What happened, Michael?

As Ignatieff sinks in the polls, Liberals are trying to figure out what’s gone wrong

by Aaron Wherry on Friday, October 23, 2009 11:40am - 103 Comments

What happened, Michael?“Would you like some soup, sir?”

Maybe this is tawdry, just another offering to the morning papers and evening news. Or maybe this is public service. Maybe it’s exactly what he should be doing, helping his fellow man, setting an example. Either way, this is politics.

“Would you like a little soup, sir?”

It’s 11:20 on the morning of Thanksgiving Sunday. Michael Ignatieff, in a white apron, is standing behind the counter at the Shepherds of Good Hope mission in Ottawa, a 20-minute walk from Parliament Hill. Men and women of various ages and in varying states file past. Behind them, three photographers click away. Ignatieff is ladling tomato and squash soup into small bowls. To his right, his wife, the exuberant former publicist Zsuzsanna Zsohar, scoops vegetables.

“Soup’s pretty good,” he says, “it’ll warm you up.”

A woman at the door, relentlessly chipper, is assuring each person who enters that the photographers won’t be taking pictures of their faces. One man isn’t willing to take her word for it and rather forcefully warns the photographers to stand down while he files past. It is the end of perhaps the worst week of Michael Ignatieff’s political career so far. His poll numbers have never been worse, his doubters have never been louder. And in the middle of this, he looks uncomfortable.

“Would you like some soup with that, sir?” he asks.

Ignatieff stays for an hour and 14 minutes, until every person is fed. He lingers awhile to talk with the staff and then he has to go. A week later, sitting at a table just off the dining room at Stornoway, the leader of the Opposition’s official residence, he tries to explain the look on his face. He acknowledges the awkwardness of the cameras. But his answer is long. He wants to explain himself fully.

“What’s so puzzling about this recession is that it’s largely invisible. But you go to a line like that and you suddenly see that it’s not just the usual street people, it’s a lot of other people who don’t know how they got there, that are shocked that they’re there, and I was shocked for them, I guess that that was my reaction,” he says. “Shocked is not quite the word, but just, it really hits you. In the same way that in Thunder Bay it hits you. On Thursday morning we were in a lumber mill that’s been closed for two years and the superintendent comes down every day just to make sure it hasn’t been broken in. Brand-new machinery standing idle. And you see something on the guy’s face that really hits you.”

He is not yet done on this. “The great thing about politics is you get to see the country raw and unplugged. You get to see things that most other Canadians don’t see,” he says. “You get to live your country’s life. So, I haven’t had the greatest autumn, but it’s an unforgettable experience and a positive one, in the sense that it deepens your sense of what your country is and what it’s going through.”

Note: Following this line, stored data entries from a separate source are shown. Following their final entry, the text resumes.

Lemma open_units_setD_compact (K : set T) :
  compact K -> K `<=` units G -> open (units G `\` K).
Proof.
move=> cK KU; rewrite openE => z [Uz nKz].
apply: contrapT => nint; apply/nKz/(closure_compact_units cK KU); split=> //.
move=> B nB; apply: contrapT => nKB; apply: nint.
apply: filterS (filterI nB (open_nbhs_nbhs (conj units_open Uz))) => t [Bt Ut].
by split=> // Kt; apply: nKB; exists t.
Qed.

Lemma compact_open_rel_clopen (K : set T) :
  compact K -> K `<=` units G -> rel_open (units G) K -> rel_clopen (units G) K.
Proof.
move=> cK KU roK; do 2!split=> //; exists (units G `\` K).
by split; [exact: open_units_setD_compact|rewrite setIidl // => t []].
Qed.

Lemma compact_supp (V K : set T) : compact K -> K `<=` units G ->
  moved G V `<=` K -> compact (supp G V) /\ supp G V `<=` K.
Proof.
move=> cK KU movedK.
have suppK : supp G V `<=` K.
  move=> t [clt Ut]; apply: (closure_compact_units cK KU).
  by split=> //; exact: closureS movedK _ clt.
split=> //; suff -> : supp G V = K `&` closure (moved G V).
  by apply: compact_closedI => //; exact: closed_closure.
apply/seteqP; split=> t; first by move=> St; split; [exact: suppK|case: St].
by move=> [Kt clt]; split=> //; exact: KU.
Qed.

Section SwapBisection.
Variable W : set T.
Hypotheses (bisW : open_bisection W)
  (cmpW : compact (src G @` W `|` rng G @` W))
  (disjW : src G @` W `&` rng G @` W = set0).

Definition swap_bisection : set T :=
  W `|` inv G @^-1` W `|` (units G `\` (src G @` W `|` rng G @` W)).

Let src_rest : src G @` (units G `\` (src G @` W `|` rng G @` W)) =
  units G `\` (src G @` W `|` rng G @` W).
Proof.
apply/seteqP; split=> [_ [u [Uu nu] <-]|u [Uu nu]].
- by rewrite src_unit.
- by exists u; rewrite ?src_unit.
Qed.

Let src_inv_part : src G @` (inv G @^-1` W) = rng G @` W.
Proof.
apply/seteqP; split=> _ [h Wh <-].
- by exists (inv G h); rewrite ?rng_inv.
- by exists (inv G h); rewrite /preimage /= ?inv_involutive ?src_inv.
Qed.

Let src_W_part : src G @` (W `|` inv G @^-1` W) = src G @` W `|` rng G @` W.
Proof. by rewrite image_setU src_inv_part. Qed.

Lemma full_bisection_swap : full_bisection G swap_bisection.
Proof.
have [oW sinjW rinjW] := bisW; apply: full_bisection_of_inv_closed.
- apply: openU; first by apply: openU => //; exact: open_preimage_inv.
  by apply: open_units_setD_compact => //; exact: bisection_ends_units.
- move=> h [[Wh|Wih]|[Uh nh]]; [left; right|left; left|right].
  + by rewrite /preimage /= inv_involutive.
  + by [].
  + by rewrite inv_unit.
- apply: in_setU_injective; last by rewrite src_rest src_W_part setDIK.
  + apply: in_setU_injective; rewrite ?src_inv_part //.
    move=> h1 h2 /set_mem W1 /set_mem W2; rewrite -!rng_inv => e.
    by apply: inv_injective; apply: rinjW; rewrite ?inE.
  + by move=> u1 u2 /set_mem[U1 _] /set_mem[U2 _]; rewrite !src_unit.
- rewrite image_setU src_rest src_W_part setDUK //.
  exact: bisection_ends_units.
Qed.

Lemma moved_swap : moved G swap_bisection `<=` src G @` W `|` rng G @` W.
Proof.
move=> _ [h [[[Wh|Wih]|[Uh _]] <- nh]]; first by left; exists h.
  by right; rewrite -rng_inv; exists (inv G h).
by exfalso; apply: nh; rewrite src_unit ?rng_unit.
Qed.

End SwapBisection.

Lemma disjoint_ends_bisection_nbhd g (N : set T) :
  open N -> N g -> src G g <> rng G g ->
  exists W : set T, [/\ W g, W `<=` N, open_bisection W,
    compact (src G @` W `|` rng G @` W) &
    src G @` W `&` rng G @` W = set0].
Proof.
move=> oN Ng sgr.
have [U [Ug bisU Uopen]] := open_bisection_nbhd g.
have [P [Q [oP oQ Pg Qg PQ]]] := hausG (src_units G g) (rng_units G g) sgr.
pose U1 := U `&` N `&` src G @^-1` P `&` rng G @^-1` Q.
have U1g : U1 g by do ![split].
have U1U : U1 `<=` U by move=> h [[[]]].
have oU1 : open U1.
  have [oU _ _] := bisU; do !apply: openI => //.
  - exact: open_preimage_src.
  - exact: open_preimage_rng.
have [K1 [_ roK1 cK1 K1g K1U1]] :=
  basisG (src_units G g) (Uopen _ oU1 U1U) (ex_intro2 _ _ g U1g erefl).
pose W := U1 `&` src G @^-1` K1.
have WU : W `<=` U by move=> h [/U1U].
have oW : open W.
  by apply: openI => //; exact/open_preimage_src/open_of_rel_open.
have bisW : open_bisection W := open_bisectionS oW WU bisU.
have sW : src G @` W = K1.
  apply/seteqP; split=> [_ [h [_ K1h] <-] //|k K1k].
  by have [h U1h shk] := K1U1 k K1k; exists h; rewrite // /W /preimage /= shk.
exists W; split=> //.
- by move=> h [[[[]]]].
- apply: compactU; first by rewrite sW.
  by apply: (compact_rng_image Uopen WU bisW); rewrite sW.
- apply/seteqP; split=> // _ [[h [[[_ Ph] _] _] <-] [h' [[_ Qh'] _] e]].
  suff : (P `&` Q `&` units G) (src G h) by rewrite PQ.
  by split; [split=> //; rewrite -e|exact: src_units].
Qed.

Lemma clopen_orbit_locally_moving :
  clopen_orbit_condition G -> locally_moving G.
Proof.
move=> orbG A AU roA [a Aa].
have [K [KU roK cK Ka KA]] := basisG (AU a Aa) (open_of_rel_open roA) Aa.
have [x [y [Kx Ky xy [g [sgx rgy]]]]] :=
  orbG K (compact_open_rel_clopen cK KU roK) (ex_intro _ a Ka).
have oK := open_of_rel_open roK.
have oN : open (src G @^-1` K `&` rng G @^-1` K).
  by apply: openI; [exact: open_preimage_src|exact: open_preimage_rng].
have Ng : (src G @^-1` K `&` rng G @^-1` K) g.
  by split; rewrite /preimage /= ?sgx ?rgy.
have sgr : src G g <> rng G g by rewrite sgx rgy.
have [W [Wg WN bisW cmpW disjW]] := disjoint_ends_bisection_nbhd oN Ng sgr.
have [cmp_supp suppW] :=
  compact_supp cmpW (@bisection_ends_units W) (@moved_swap W).
exists (swap_bisection W); split.
- by split=> //; exact: full_bisection_swap bisW cmpW disjW.
- exists (src G g), g; split=> //; first by left; left.
  by move=> /esym.
- by move=> t /suppW[] [h /WN[? ?] <-]; apply: KA.
Qed.

End Ample.

Lemma locally_moving_clopen_orbit :
  locally_moving G -> clopen_orbit_condition G.
Proof.
move=> lmG C [CU [roC _]] C0.
have [V [[[_ _ rinj sV _] _] [_ [g [Vg <- rgs]]] suppC]] := lmG C CU roC C0.
have [h Vh shg] : (src G @` V) (rng G g) by rewrite sV; exact: rng_units.
have rhs : rng G h <> src G h.
  move=> rhsh; apply: rgs; rewrite -shg; congr (src G _).
  by apply: rinj; rewrite ?inE // rhsh shg.
exists (src G g), (rng G g); split; last by exists g.
- by apply/suppC/moved_sub_supp; exists g.
- by apply/suppC/moved_sub_supp; rewrite -shg; exists h.
- by move=> /esym.
Qed.

End TopGroupoid.

Theorem proposition7p7 (T : topologicalType) (G : top_groupoid T) :
  ample G -> effective G ->
  (locally_moving G <-> clopen_orbit_condition G).
Proof.
move=> [etG hausG basisG] /units_open_of_effective unitsG.
split; first exact: locally_moving_clopen_orbit.
exact: clopen_orbit_locally_moving unitsG etG hausG basisG.
Qed.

So here is Michael Ignatieff in October 2009. He is putting himself out there, listening, learning and talking it out. He is trying to understand all there is to understand about the country he hopes to lead and he is trying to help that country understand him. He is attempting to lead a party weighed down by history into the future. The questions are numerous, the opinions are plentiful and even Liberals are struggling to understand. But the onus remains entirely his.

Three years ago, he appeared smiling on the cover of this magazine beside the question of the moment: “Are you good enough for Michael Ignatieff?” Ten months into his tenure as Liberal leader, the question is now inverted: is Michael Ignatieff ever going to be good enough for us?

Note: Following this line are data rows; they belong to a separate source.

Lemma linear_form_small (k1 k2 k3 d : R) : 0 < d -> exists e, 0 < e /\ forall q,
  Rabs (c1 q) < e -> Rabs (c2 q) < e -> Rabs (c3 q) < e ->
  Rabs (k1 * c1 q + k2 * c2 q + k3 * c3 q) <= d.
Proof.
  intros Hd. set (K := 1 + Rabs k1 + Rabs k2 + Rabs k3).
  pose proof (Rabs_pos k1) as P1; pose proof (Rabs_pos k2) as P2; pose proof (Rabs_pos k3) as P3.
  assert (HK : 0 < K) by (unfold K; lra).
  exists (d / K). split; [apply Rdiv_lt_0_compat; auto |]. intros q H1 H2 H3.
  assert (HKe : K * (d / K) = d) by (field; lra).
  assert (Hk : forall k r, Rabs r < d / K -> Rabs (k * r) <= Rabs k * (d / K)).
  { intros k r Hr. rewrite Rabs_mult. apply Rmult_le_compat_l; [apply Rabs_pos | lra]. }
  pose proof (Hk k1 _ H1); pose proof (Hk k2 _ H2); pose proof (Hk k3 _ H3).
  pose proof (Rabs_triang (k1 * c1 q + k2 * c2 q) (k3 * c3 q)).
  pose proof (Rabs_triang (k1 * c1 q) (k2 * c2 q)).
  assert (Rabs k1 * (d / K) + Rabs k2 * (d / K) + Rabs k3 * (d / K) <= K * (d / K)).
  { assert (0 < d / K) by (apply Rdiv_lt_0_compat; auto).
    replace (K * (d / K)) with (Rabs k1 * (d / K) + Rabs k2 * (d / K) + Rabs k3 * (d / K) + d / K)
      by (unfold K; ring).
    lra. }
  lra.
Qed.

Lemma rdet3_small p2 p3 d : 0 < d -> exists e, 0 < e /\ forall q,
  Rabs (c1 q) < e -> Rabs (c2 q) < e -> Rabs (c3 q) < e -> Rabs (rdet3 q p2 p3) <= d.
Proof.
  intros Hd.
  destruct (linear_form_small (c2 p2 * c3 p3 - c3 p2 * c2 p3)
              (c3 p2 * c1 p3 - c1 p2 * c3 p3) (c1 p2 * c2 p3 - c2 p2 * c1 p3) d Hd)
    as [e [He H]].
  exists e. split; auto. intros q H1 H2 H3.
  replace (rdet3 q p2 p3) with ((c2 p2 * c3 p3 - c3 p2 * c2 p3) * c1 q
    + (c3 p2 * c1 p3 - c1 p2 * c3 p3) * c2 q + (c1 p2 * c2 p3 - c2 p2 * c1 p3) * c3 q)
    by (unfold rdet3; ring).
  auto.
Qed.

Lemma cramer_coords_small p1 p2 p3 d : rdet3 p1 p2 p3 <> 0 -> 0 < d ->
  exists e, 0 < e /\ forall q,
    Rabs (c1 q) < e -> Rabs (c2 q) < e -> Rabs (c3 q) < e ->
    Rabs (rdet3 q p2 p3 / rdet3 p1 p2 p3) <= d /\
    Rabs (rdet3 p1 q p3 / rdet3 p1 p2 p3) <= d /\
    Rabs (rdet3 p1 p2 q / rdet3 p1 p2 p3) <= d.
Proof.
  intros HD Hd. set (D := rdet3 p1 p2 p3) in *.
  assert (HDp : 0 < Rabs D) by (apply Rabs_pos_lt; auto).
  assert (Hdd : 0 < d * Rabs D) by (apply Rmult_lt_0_compat; auto).
  destruct (rdet3_small p2 p3 _ Hdd) as [e1 [He1 H1]].
  destruct (rdet3_small p3 p1 _ Hdd) as [e2 [He2 H2]].
  destruct (rdet3_small p1 p2 _ Hdd) as [e3 [He3 H3]].
  exists (Rmin e1 (Rmin e2 e3)). split.
  { repeat apply Rmin_glb_lt; auto. }
  intros q Q1 Q2 Q3.
  assert (Hmin : forall a, Rabs a < Rmin e1 (Rmin e2 e3) ->
    Rabs a < e1 /\ Rabs a < e2 /\ Rabs a < e3).
  { intros a Ha. pose proof (Rmin_l e1 (Rmin e2 e3)). pose proof (Rmin_r e1 (Rmin e2 e3)).
    pose proof (Rmin_l e2 e3). pose proof (Rmin_r e2 e3). lra. }
  apply Hmin in Q1, Q2, Q3.
  assert (Hdiv : forall a, Rabs a <= d * Rabs D -> Rabs (a / D) <= d).
  { intros a Ha. unfold Rdiv. rewrite Rabs_mult, Rabs_inv.
    apply (Rmult_le_reg_r (Rabs D)); auto. rewrite Rmult_assoc, Rinv_l; lra. }
  rewrite <- (rdet3_rot q p3 p1), (rdet3_rot p1 p2 q).
  repeat split; apply Hdiv; [apply H1 | apply H2 | apply H3]; tauto.
Qed.

Lemma conv_of_small_coords (S : region) p1 p2 p3 p4 p5 m1 m2 m3 m4 m5 b1 b2 b3 d q :
  S p1 -> S p2 -> S p3 -> S p4 -> S p5 ->
  0 < m1 -> 0 < m2 -> 0 < m3 -> 0 < m4 -> 0 < m5 ->
  m1 * c1 p1 + m2 * c1 p2 + m3 * c1 p3 + m4 * c1 p4 + m5 * c1 p5 = 0 ->
  m1 * c2 p1 + m2 * c2 p2 + m3 * c2 p3 + m4 * c2 p4 + m5 * c2 p5 = 0 ->
  m1 * c3 p1 + m2 * c3 p2 + m3 * c3 p3 + m4 * c3 p4 + m5 * c3 p5 = 0 ->
  6 * d <= 1 -> 2 * d * (m1 + m2 + m3 + m4 + m5) <= m1 ->
  2 * d * (m1 + m2 + m3 + m4 + m5) <= m2 -> 2 * d * (m1 + m2 + m3 + m4 + m5) <= m3 ->
  Rabs b1 <= d -> Rabs b2 <= d -> Rabs b3 <= d ->
  q = vadd (vscale b1 p1) (vadd (vscale b2 p2) (vscale b3 p3)) -> conv S q.
Proof.
  intros S1 S2 S3 S4 S5 M1 M2 M3 M4 M5 R1 R2 R3 Hd D1 D2 D3 B1 B2 B3 Hq.
  set (M := m1 + m2 + m3 + m4 + m5) in *.
  pose proof (Rle_abs b1); pose proof (Rle_abs b2); pose proof (Rle_abs b3).
  pose proof (Rle_abs (- b1)); pose proof (Rle_abs (- b2)); pose proof (Rle_abs (- b3)).
  rewrite !Rabs_Ropp in *.
  (* The small coordinates [b] are absorbed by a positive multiple [c] of the relation. *)
  set (c := (1 - (b1 + b2 + b3)) / M).
  assert (HM0 : 0 < M) by (unfold M; lra).
  assert (HdM : 0 <= d * M) by (apply Rmult_le_pos; lra).
  assert (HcM : c * M = 1 - (b1 + b2 + b3)) by (unfold c; field; lra).
  assert (Hc : forall m, 2 * d * M <= m -> d <= c * m).
  { intros m Hm. apply (Rmult_le_reg_r M); auto.
    assert (0 <= (c * M - 1 / 2) * m) by (apply Rmult_le_pos; lra).
    replace (c * m * M) with ((c * M - 1 / 2) * m + m / 2) by field. lra. }
  pose proof (Hc m1 D1); pose proof (Hc m2 D2); pose proof (Hc m3 D3).
  assert (0 < c) by nra.
  assert (0 < c * m4) by (apply Rmult_lt_0_compat; lra).
  assert (0 < c * m5) by (apply Rmult_lt_0_compat; lra).
  apply (conv_comb5 S p1 p2 p3 p4 p5 (b1 + c * m1) (b2 + c * m2) (b3 + c * m3) (c * m4) (c * m5));
    auto; try lra.
  - replace 1 with (b1 + b2 + b3 + c * M) by lra. unfold M. ring.
  - rewrite Hq; simpl. transitivity (b1 * c1 p1 + b2 * c1 p2 + b3 * c1 p3
      + c * (m1 * c1 p1 + m2 * c1 p2 + m3 * c1 p3 + m4 * c1 p4 + m5 * c1 p5)); [rewrite R1 |]; ring.
  - rewrite Hq; simpl. transitivity (b1 * c2 p1 + b2 * c2 p2 + b3 * c2 p3
      + c * (m1 * c2 p1 + m2 * c2 p2 + m3 * c2 p3 + m4 * c2 p4 + m5 * c2 p5)); [rewrite R2 |]; ring.
  - rewrite Hq; simpl. transitivity (b1 * c3 p1 + b2 * c3 p2 + b3 * c3 p3
      + c * (m1 * c3 p1 + m2 * c3 p2 + m3 * c3 p3 + m4 * c3 p4 + m5 * c3 p5)); [rewrite R3 |]; ring.
Qed.

Lemma interior_conv_of_positive_relation (S : region) p1 p2 p3 p4 p5 m1 m2 m3 m4 m5 :
  S p1 -> S p2 -> S p3 -> S p4 -> S p5 ->
  0 < m1 -> 0 < m2 -> 0 < m3 -> 0 < m4 -> 0 < m5 ->
  m1 * c1 p1 + m2 * c1 p2 + m3 * c1 p3 + m4 * c1 p4 + m5 * c1 p5 = 0 ->
  m1 * c2 p1 + m2 * c2 p2 + m3 * c2 p3 + m4 * c2 p4 + m5 * c2 p5 = 0 ->
  m1 * c3 p1 + m2 * c3 p2 + m3 * c3 p3 + m4 * c3 p4 + m5 * c3 p5 = 0 ->
  rdet3 p1 p2 p3 <> 0 -> interior (conv S) vzero.
Proof.
  intros S1 S2 S3 S4 S5 M1 M2 M3 M4 M5 R1 R2 R3 HD.
  set (M := m1 + m2 + m3 + m4 + m5).
  assert (HM : 0 < M) by (unfold M; lra).
  set (mu := Rmin (Rmin m1 m2) (Rmin m3 (M / 3))).
  pose proof (Rmin_l (Rmin m1 m2) (Rmin m3 (M / 3))).
  pose proof (Rmin_r (Rmin m1 m2) (Rmin m3 (M / 3))).
  pose proof (Rmin_l m1 m2); pose proof (Rmin_r m1 m2).
  pose proof (Rmin_l m3 (M / 3)); pose proof (Rmin_r m3 (M / 3)).
  assert (Hmu : 0 < mu) by (repeat apply Rmin_glb_lt; lra).
  assert (Hd : 2 * (mu / (2 * M)) * M = mu) by (field; lra).
  destruct (cramer_coords_small p1 p2 p3 (mu / (2 * M)) HD) as [e [He Hsmall]].
  { apply Rdiv_lt_0_compat; lra. }
  exists e. split; auto. intros q Q1 Q2 Q3. simpl in Q1, Q2, Q3.
  rewrite !Rminus_0_r in Q1, Q2, Q3.
  destruct (Hsmall q Q1 Q2 Q3) as [B1 [B2 B3]].
  apply (conv_of_small_coords S p1 p2 p3 p4 p5 m1 m2 m3 m4 m5
    (rdet3 q p2 p3 / rdet3 p1 p2 p3) (rdet3 p1 q p3 / rdet3 p1 p2 p3)
    (rdet3 p1 p2 q / rdet3 p1 p2 p3) (mu / (2 * M)) q); fold M; auto; try (unfold mu in *; lra).
  - apply (Rmult_le_reg_r (2 * M)); [lra |]. unfold mu in *. field_simplify; lra.
  - apply cramer, HD.
Qed.

(** * Vertices *)

Lemma csum_split (S : region) r l :
  Forall (fun wq => 0 <= fst wq /\ S (snd wq)) l ->
  exists al be p, 0 <= al /\ 0 <= be /\ (be = 0 \/ conv (fun q => S q /\ q <> r) p) /\
    al + be = wsum l /\ csum l = vadd (vscale al r) (vscale be p).
Proof.
  induction l as [|[w s] l IH]; intros Hl.
  { exists 0, 0, vzero. simpl. repeat split; auto; try lra. veq; ring. }
  inversion Hl as [|? ? [Hw Hs] Hl']; subst; simpl in Hw, Hs.
  destruct (IH Hl') as [al [be [p [Hal [Hbe [Hp [Hsum Hc]]]]]]].
  simpl. rewrite Hc.
  destruct (classic (s = r)) as [->|Hsr].
  { exists (al + w), be, p. repeat split; auto; try lra. veq; ring. }
  destruct (Req_dec (be + w) 0) as [Z|NZ].
  { exists al, 0, p. repeat split; auto; try lra.
    assert (be = 0) by lra. assert (w = 0) by lra. subst. veq; ring. }
  assert (Hs' : conv (fun q => S q /\ q <> r) s) by (apply subset_conv; auto).
  exists al, (be + w), (vadd (vscale (be / (be + w)) p) (vscale (1 - be / (be + w)) s)).
  repeat split; auto; try lra.
  - right. destruct Hp as [-> | Hp].
    + replace (0 / (0 + w)) with 0 by (field; lra).
      replace (vadd (vscale 0 p) (vscale (1 - 0) s)) with s by (veq; ring). auto.
    + apply conv_segment; auto. split.
      * apply Rmult_le_pos; [lra | left; apply Rinv_0_lt_compat; lra].
      * apply (Rmult_le_reg_r (be + w)); [lra |]. field_simplify; lra.
  - veq; field; auto.
Qed.

Lemma conv_split (S : region) r p : conv S p ->
  exists be p', 0 <= be <= 1 /\ (be = 0 \/ conv (fun q => S q /\ q <> r) p') /\
    p = vadd (vscale (1 - be) r) (vscale be p').
Proof.
  intros [l [Hl [Hw Hc]]].
  destruct (csum_split S r l Hl) as [al [be [p' [Hal [Hbe [Hp [Hsum Hcs]]]]]]].
  exists be, p'. repeat split; auto; try lra.
  rewrite <- Hc, Hcs. replace al with (1 - be) by lra. reflexivity.
Qed.

Lemma conv_of_weighted_pair (S : region) r a b la lb :
  0 <= la -> 0 <= lb -> 0 < la + lb -> (la = 0 \/ conv S a) -> (lb = 0 \/ conv S b) ->
  vscale (la + lb) r = vadd (vscale la a) (vscale lb b) -> conv S r.
Proof.
  intros Ha Hb Hab Ca Cb E.
  assert (Hr : r = vadd (vscale (la / (la + lb)) a) (vscale (1 - la / (la + lb)) b)).
  { apply (f_equal (fun p => (c1 p, c2 p, c3 p))) in E. simpl in E. injection E as E1 E2 E3.
    veq; apply (Rmult_eq_reg_l (la + lb)); try lra;
      [rewrite E1 | rewrite E2 | rewrite E3]; field; lra. }
  destruct Ca as [Ca | Ca], Cb as [Cb | Cb]; try lra.
  - subst la. rewrite Hr. replace (vadd _ _) with b by (veq; field; lra). auto.
  - subst lb. rewrite Hr. replace (vadd _ _) with a by (veq; field; lra). auto.
  - rewrite Hr. apply conv_segment; auto. split.
    + apply Rmult_le_pos; [lra | left; apply Rinv_0_lt_compat; lra].
    + apply (Rmult_le_reg_r (la + lb)); [lra |]. field_simplify; lra.
Qed.

Lemma nonvertex_in_conv_remove (S : region) r :
  conv S r -> ~ vertex (conv S) r -> conv (fun q => S q /\ q <> r) r.
Proof.
  intros Hr Hv.
  assert (Hab : exists a b t, conv S a /\ conv S b /\ 0 < t < 1 /\
      r = vadd (vscale t a) (vscale (1 - t) b) /\ ~ (a = r /\ b = r)).
  { apply NNPP; intros N. apply Hv. split; auto. intros a b t Ha Hb Ht E.
    apply NNPP; intros X. apply N. exists a, b, t. auto. }
  destruct Hab as [a [b [t [Ha [Hb [Ht [E Hn]]]]]]].
  destruct (conv_split S r a Ha) as [ba [a' [Hba [Ha' Ea]]]].
  destruct (conv_split S r b Hb) as [bb [b' [Hbb [Hb' Eb]]]].
  assert (Hpos : 0 < t * ba + (1 - t) * bb).
  { destruct (Req_dec ba 0) as [Za | Na]; [destruct (Req_dec bb 0) as [Zb | Nb] |].
    - exfalso. apply Hn. subst ba bb.
      split; [rewrite Ea | rewrite Eb]; veq; ring.
    - subst ba. assert (0 < (1 - t) * bb) by (apply Rmult_lt_0_compat; lra). lra.
    - assert (0 < t * ba) by (apply Rmult_lt_0_compat; lra).
      assert (0 <= (1 - t) * bb) by (apply Rmult_le_pos; lra). lra. }
  apply (conv_of_weighted_pair _ r a' b' (t * ba) ((1 - t) * bb));
    try (apply Rmult_le_pos; lra); auto.
  - destruct Ha' as [-> | Ha']; [left; ring | right; auto].
  - destruct Hb' as [-> | Hb']; [left; ring | right; auto].
  - rewrite Ea, Eb in E. apply (f_equal (fun p => (c1 p, c2 p, c3 p))) in E. simpl in E.
    injection E as E1 E2 E3. veq; nra.
Qed.

Lemma emb_inj p q : emb p = emb q -> p = q.
Proof.
  destruct p, q. unfold emb; simpl. intros E. injection E; intros.
  f_equal; apply eq_IZR; auto.
Qed.

Lemma pt_eq_dec (p q : pt) : {p = q} + {p <> q}.
Proof. decide equality; apply Z.eq_dec. Qed.

Definition remove_pt (V : list pt) (z : pt) : list pt :=
  filter (fun y => if pt_eq_dec y z then false else true) V.

Lemma ptset_remove_pt V z q : ptset (remove_pt V z) q <-> ptset V q /\ q <> emb z.
Proof.
  unfold ptset, remove_pt. split.
  - intros [y [Hin ->]]. apply filter_In in Hin as [Hin Hf].
    destruct (pt_eq_dec y z); try discriminate. split; [exists y; auto |].
    intros E. apply emb_inj in E. auto.
  - intros [[y [Hin ->]] N]. exists y. split; auto. apply filter_In. split; auto.
    destruct (pt_eq_dec y z); auto. subst. contradiction.
Qed.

It has been a bizarre 10 months—from last winter’s prospect of prime minister Stéphane Dion to this fall’s reinvention of Prime Minister Stephen Harper as Ringo Starr in a Beatles cover band featuring Yo-Yo Ma. Through the spring, Ignatieff’s Liberals were ascendant. By summer, they had stalled. And through the fall, they have wilted. They now sit as much as 15 points behind the ruling Conservatives. “It’s very bad,” says EKOS pollster Frank Graves. “I don’t think it’s permanent or indelible or irreparable, but it’s very bad.”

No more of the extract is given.